Some analysts see new aid plan as part of wider Israeli objectivepublished at 14:08 British Summer Time 3 June
Tom Bateman
US State Department correspondent
The Gaza Humanitarian Foundation (GHF) has taken an aggressive stance in its statements, yesterday accusing the international media of “egregious… false reporting” and repeating “outright fabrications” of deaths “at” its site. Its accusations were inaccurate – the reporting was clear that Palestinians were killed whilst making their way to the GHF site.
My understanding is the GHF does not dispute that people were killed but maintains its teams on the ground don’t know how. Like those of Israeli and American officials, its public assertions that nobody was killed or wounded have stuck to very specific wording, only “at or near” its sites.

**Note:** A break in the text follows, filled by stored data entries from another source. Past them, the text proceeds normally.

Lemma std_hnf_wh_hnf bot h : hnf bot h -> forall t, std t h -> wh_hnf bot t.
Proof.
  induction 1 as [h Hh|h _ IH]; intros t Ht.
  - destruct (std_head_app_target Hh Ht) as [G [HG HGa]].
    exact (wh_hnf_head HG HGa).
  - inversion Ht as [| | |t0 r r' W Hr]; subst.
    exact (wh_hnf_lam W (IH r Hr)).
Qed.

Lemma wh_hnf_std bot t : wh_hnf bot t -> forall s, std t s -> wh_hnf bot s.
Proof.
  induction 1 as [t G HtG HG|t r Htr _ IH]; intros s Hs.
  - destruct (std_whstar_simulation HtG Hs) as [G' [HsG' HGG']].
    destruct (std_head_app_source HG HGG') as [H [HG'H HH]].
    exact (wh_hnf_head (whstar_trans HsG' HG'H) HH).
  - destruct (std_whstar_simulation Htr Hs) as [G' [HsG' HG']].
    apply std_whnf_root in HG'; [|apply whnf_lam].
    inversion HG' as [| | |r0 r' Hr]; subst.
    exact (wh_hnf_lam HsG' (IH r' Hr)).
Qed.

End InfinitaryLambda.

Theorem lemma5p20 (C : Type) (bot : C) (t s : term C) :
  beta_inf t s -> has_hnf bot t -> has_hnf bot s.
Proof.
  intros Hts [h [Hth Hh]].
  assert (Hth_std : std t h) by exact (std_star Hth (std_refl t)).
  assert (Hts_std : std t s) by exact (std_beta_inf (std_refl t) Hts).
  exact (wh_hnf_has_hnf (wh_hnf_std (std_hnf_wh_hnf Hh Hth_std) Hts_std)).
Qed.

It has not publicly responded to questions asking what it does know about how dozens of Palestinians were killed trying to get its site, saying it has “no knowledge” of what happens outside its perimeter which is a “war zone”, dismissing “Hamas falsehoods” and attacking media reporting.

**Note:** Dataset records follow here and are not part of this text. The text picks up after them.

(* Let $s>1$, $\eta(s)=\sum_{k=1}^\infty\frac{1}{(k+1)\ln^s(k+1)}$, let $a_k=\frac{1}{\eta(s)}\cdot\frac{1}{(k+1)\ln^s(k+1)}$ ($k\in\mathbb{N}$), and let $K$ be the associated generalized Cantor set. Then there exist constants $c_1,c_2,b,t_0>0$ with $\ln\ln(b/t)>0$ for $0<t\le t_0$, such that $$c_1(\ln\ln(b/t))^{1-s}\le |K(t)|\le c_2(\ln\ln(b/t))^{1-s}\quad\text{for all } t\in(0,t_0].$$
   Context: Generalized Cantor set for positive $(a_k)$ with $\sum a_k=1$: $K_0=[0,1]$; recursively $K_n$ is obtained from $K_{n-1}$ (a union of $2^{n-1}$ disjoint closed intervals) by removing from each of its intervals the open centered subinterval of length $a_n2^{-(n-1)}$; $K=\bigcap_n K_n$. For $t>0$, $K(t)=\{x\in\mathbb{R}:\operatorname{dist}(x,K)<t\}$ and $|\cdot|$ is Lebesgue measure. *)

From HB Require Import structures.
From mathcomp Require Import all_boot all_order all_algebra.
From mathcomp Require Import all_classical all_reals all_analysis.
Set Implicit Arguments. Unset Strict Implicit. Unset Printing Implicit Defensive.
Import Order.TTheory GRing.Theory Num.Theory.
Local Open Scope classical_set_scope.
Local Open Scope ring_scope.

Some analysts see the project as part of a wider military objective by Israel to starve out Hamas and those affiliated with it whilst using food supply on Israel’s terms for the rest of a population, which the World Food Programme says is on the brink of starvation.
GHF denies that it acts with any political or military goals and says it is independent, saying yesterday it handed out 21 lorry loads of food (the UN was delivering around 600 truckloads per day during the last ceasefire).
Israel says the new system was necessary because Hamas was stealing food, a claim the last US administration rejected as happening on any scale that could justify cutting off UN supplies to Gaza.
The new system disadvantages the disabled, weak and sick who can’t get to the sites, and so far creates a further incentive for hungry Palestinians to be drawn south, where Israel has aimed to displace the population into smaller areas.